If you need to store a handle somewhere other than the C++ stack, v8::Persistent and v8::Global are for you. They are not associated with any v8::HandleScope, so they are valid until they are destroyed. They have higher overhead than v8::Local though.

Finding References Between Objects

The V8 API does not require us to assist it in any way to find references between objects. We aren’t on the hook to write any mark() function like we did with Ruby.
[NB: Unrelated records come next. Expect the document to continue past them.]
Lemma dN_addn_leP N M x y c : dN d T (N + M) x y <= c <->
  dN d T N x y <= c /\ dN d T M (iter N T x) (iter N T y) <= c.
Proof.
split=> [/dN_leP[c_ge0 le_c]|[/dN_leP[c_ge0 le_c1] /dN_leP[_ le_c2]]].
  split; apply/dN_leP; split=> // n ltn; first exact/le_c/ltn_addr.
  by rewrite -!iterD; apply: le_c; rewrite addnC ltn_add2l.
apply/dN_leP; split=> // n ltn; have [ltnN|leNn] := ltnP n N; first exact: le_c1.
by rewrite -(subnK leNn) !iterD; apply: le_c2; rewrite ltn_subLR.
Qed.

Hypothesis dm : is_metric d.

Lemma dNC N x y : dN d T N x y = dN d T N y x.
Proof. by case: dm => _ _ dC _; apply: eq_bigr => i _; exact: dC. Qed.

Lemma dN_triangle N x y z : dN d T N x z <= dN d T N x y + dN d T N y z.
Proof.
case: dm => d_ge0 _ _ d_tri; apply/dN_leP; split=> [|n ltnN].
  by rewrite addr_ge0 ?dN_ge0.
by apply: le_trans (d_tri _ (iter n T y) _) _; apply: lerD; exact: dN_ge_iter.
Qed.

Lemma dNxx N x : dN d T N x x = 0.
Proof.
case: dm => _ d_eq0 _ _; apply/eqP; rewrite eq_le dN_ge0 andbT.
by apply/dN_leP; split=> // n _; rewrite (proj2 (d_eq0 _ _) erefl).
Qed.

Lemma dball0 N y : (0 < N)%N -> dball d T N y 0 = [set y].
Proof.
case: dm => d_ge0 d_eq0 _ _ N_gt0; apply/seteqP; split=> [z /= le_z0|z /= ->].
  have := le_trans (dN_ge_iter z y N_gt0) le_z0.
  by rewrite /= => le_d0; apply/d_eq0/eqP; rewrite eq_le le_d0 d_ge0.
by rewrite /dball /= dNxx.
Qed.

End BowenMetric.

Section MetricTopology.
Variable R : realType.
Implicit Types A B C : Type.

Lemma dcontinuous_id A (sa : A -> A -> R) : dcontinuous sa sa id.
Proof. by move=> x e e_gt0; exists e. Qed.

Lemma dcontinuous_comp A B C (sa : A -> A -> R) (sb : B -> B -> R)
    (sc : C -> C -> R) (f : A -> B) (g : B -> C) :
  dcontinuous sa sb f -> dcontinuous sb sc g -> dcontinuous sa sc (g \o f).
Proof.
move=> fcont gcont x e e_gt0; have [r r_gt0 hr] := gcont (f x) e e_gt0.
by have [s s_gt0 hs] := fcont x r r_gt0; exists s => // z /hs /hr.
Qed.

Lemma dcontinuous_iter A (sa : A -> A -> R) (T : A -> A) n :
  dcontinuous sa sa T -> dcontinuous sa sa (iter n T).
Proof.
move=> Tcont; elim: n => [|n IHn]; first exact: dcontinuous_id.
exact: dcontinuous_comp IHn Tcont.
Qed.

Lemma dcontinuous_dN A B (sa : A -> A -> R) (rho : B -> B -> R) (Q : B -> B) L
    (f : A -> B) :
  dcontinuous sa rho f -> dcontinuous rho rho Q -> dcontinuous sa (dN rho Q L) f.
Proof.
move=> + Qcont; elim: L f => [|L IHL] f fcont x e e_gt0.
  by exists 1 => // z _; rewrite dN0.
have [r r_gt0 hr] := fcont x e e_gt0.
have [s s_gt0 hs] := IHL _ (dcontinuous_comp fcont Qcont) x e e_gt0.
exists (Num.min r s) => [|z]; first by rewrite lt_min r_gt0.
by rewrite lt_min => /andP[/hr ltr /hs lts]; rewrite dNS gt_max ltr.
Qed.

Lemma dopen_preimage A B (sa : A -> A -> R) (sb : B -> B -> R) (f : A -> B) U :
  dcontinuous sa sb f -> dopen sb U -> dopen sa (f @^-1` U).
Proof.
move=> fcont Uopen x /Uopen[e e_gt0 he]; have [r r_gt0 hr] := fcont x e e_gt0.
by exists r => // z /hr /he.
Qed.

Lemma dopenI A (sa : A -> A -> R) U V : dopen sa U -> dopen sa V -> dopen sa (U `&` V).
Proof.
move=> Uopen Vopen x [/Uopen[r r_gt0 hr] /Vopen[s s_gt0 hs]].
exists (Num.min r s) => [|z /=]; first by rewrite lt_min r_gt0.
by rewrite lt_min => /andP[/hr Uz /hs Vz].
Qed.

Lemma dopenU A (sa : A -> A -> R) U V : dopen sa U -> dopen sa V -> dopen sa (U `|` V).
Proof.
move=> Uopen Vopen x [/Uopen[e e_gt0 he]|/Vopen[e e_gt0 he]].
  by exists e => // z /he; left.
by exists e => // z /he; right.
Qed.

Lemma dopen_bigcup A I (sa : A -> A -> R) (U : I -> set A) (P : set I) :
  (forall i, dopen sa (U i)) -> dopen sa (\bigcup_(i in P) U i).
Proof. by move=> Uopen x [i Pi /Uopen[e e_gt0 he]]; exists e => // z /he; exists i. Qed.

Lemma dopen_dist_lt A (rho : A -> A -> R) a t :
  (forall x y, rho x y = rho y x) -> (forall x y z, rho x z <= rho x y + rho y z) ->
  dopen rho [set b | rho b a < t].
Proof.
move=> rhoC rho_tri b /= ltt; exists (t - rho b a) => [|b' /=]; first by rewrite subr_gt0.
by rewrite rhoC => lt_bb'; have := rho_tri b' b a; lra.
Qed.

Lemma dopen_dist_gt A (rho : A -> A -> R) a t :
  (forall x y z, rho x z <= rho x y + rho y z) -> dopen rho [set b | t < rho b a].
Proof.
move=> rho_tri b /= gtt; exists (rho b a - t) => [|b' /=]; first by rewrite subr_gt0.
by move=> lt_bb'; have := rho_tri b b' a; lra.
Qed.

Lemma ediam_ltP A (dd : A -> A -> R) (U : set A) e : (ediam dd U < e%:E)%E <->
  exists2 e', e' < e & forall x y, U x -> U y -> dd x y <= e'.
Proof.
split; last first.
  move=> [e' lte' le_e']; apply: (@le_lt_trans _ _ e'%:E); last by rewrite lte_fin.
  by apply: ge_ereal_sup => _ [x Ux [y Uy <-]]; rewrite lee_fin; exact: le_e'.
have ub x y : U x -> U y -> ((dd x y)%:E <= ediam dd U)%E.
  by move=> Ux Uy; apply: ereal_sup_ubound; exists x => //; exists y.
case E: (ediam dd U) ub => [r| |] // ub ltre.
- by exists r => [|x y Ux Uy]; [rewrite -lte_fin | rewrite -lee_fin ub].
- exists (e - 1) => [|x y Ux Uy]; first by rewrite ltrBlDr ltrDl.
  by have := ub x y Ux Uy; rewrite leeNy_eq.
Qed.

End MetricTopology.

Section CoveringNumber.
Variables (R : realType) (X : Type) (d : X -> X -> R) (T : X -> X) (eps : R).
Hypotheses (dm : is_metric d) (Tcont : dcontinuous d d T) (dcpt : dcompact d).
Hypothesis eps_gt0 : 0 < eps.

Lemma dopen_dN_ball N x r : dopen d [set z | dN d T N z x < r].
Proof.
have idcont : dcontinuous d (dN d T N) id by exact: dcontinuous_dN (dcontinuous_id d) Tcont.
exact: dopen_preimage idcont (dopen_dist_lt (dNC T dm N) (dN_triangle T dm N)).
Qed.

Lemma covers_with_card E N (I : finType) (U : I -> set X) :
  (forall i, dopen d (U i)) -> (forall i, (ediam (dN d T N) (U i) < eps%:E)%E) ->
  E `<=` \bigcup_i U i -> covers_with d T E N eps #|I|.
Proof.
move=> Uopen Udiam EU; exists (fun k => U (enum_val k)); split=> // x /EU[i _ Uix].
by exists (enum_rank i) => //; rewrite enum_rankK.
Qed.

Lemma covers_with_exists E N : exists n, covers_with d T E N eps n.
Proof.
pose B x := [set z | dN d T N z x < eps / 3].
have B_cover x : exists y, B y x by exists x; rewrite /B /= dNxx // divr_gt0.
have Bopen x : dopen d (B x) by exact: dopen_dN_ball.
have [n [f Bf_cover]] := dcpt Bopen B_cover.
exists n, (B \o f); split=> [k|k|x _]; first exact: Bopen.
  apply/ediam_ltP; exists (eps / 3 + eps / 3) => [|x y /= Bx By]; first by move: eps_gt0; lra.
  apply: le_trans (dN_triangle T dm N x (f k) y) _.
  by rewrite (dNC T dm N (f k)) lerD // ltW.
by have [k Bfkx] := Bf_cover x; exists k.
Qed.

Lemma covnumP E N : covers_with d T E N eps (covnum d T E N eps) /\
  forall m, covers_with d T E N eps m -> (covnum d T E N eps <= m)%N.
Proof.
suff /(xgetPex 0%N) : exists n, covers_with d T E N eps n /\
  forall m, covers_with d T E N eps m -> (n <= m)%N by [].
have ex_cov : exists n, `[< covers_with d T E N eps n >].
  by have [n covn] := covers_with_exists E N; exists n; apply/asboolP.
have [n /asboolP covn min_n] := ex_minnP ex_cov.
by exists n; split=> // m /asboolP; exact: min_n.
Qed.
V8 can find all references between objects on its own, because they exist in either the regular references (like from an Array to its members) or in the “internal array” we discussed earlier. V8 has full visibility into all these references, so can trace them without our help.

Now that we understand how this picture works as a whole, let’s revisit an earlier question: when is it safe for one C++ object in “native extension space” to have a pointer directly to another?

In the diagram above, we are not safe at all! There is no GC reference preventing Object B from being collected while Object A is still alive. But if Object B is collected, its C++ data will be collected also, and the pointer to it will become invalid. So this is a bad situation.

The clear solution here is that Object A needs to have a reference to object B. We can accomplish this with the internal fields array. If the internal fields array references Object B, this will prevent it from being collected when Object A is reachable. This will make the pointer between C++ data always happy and safe.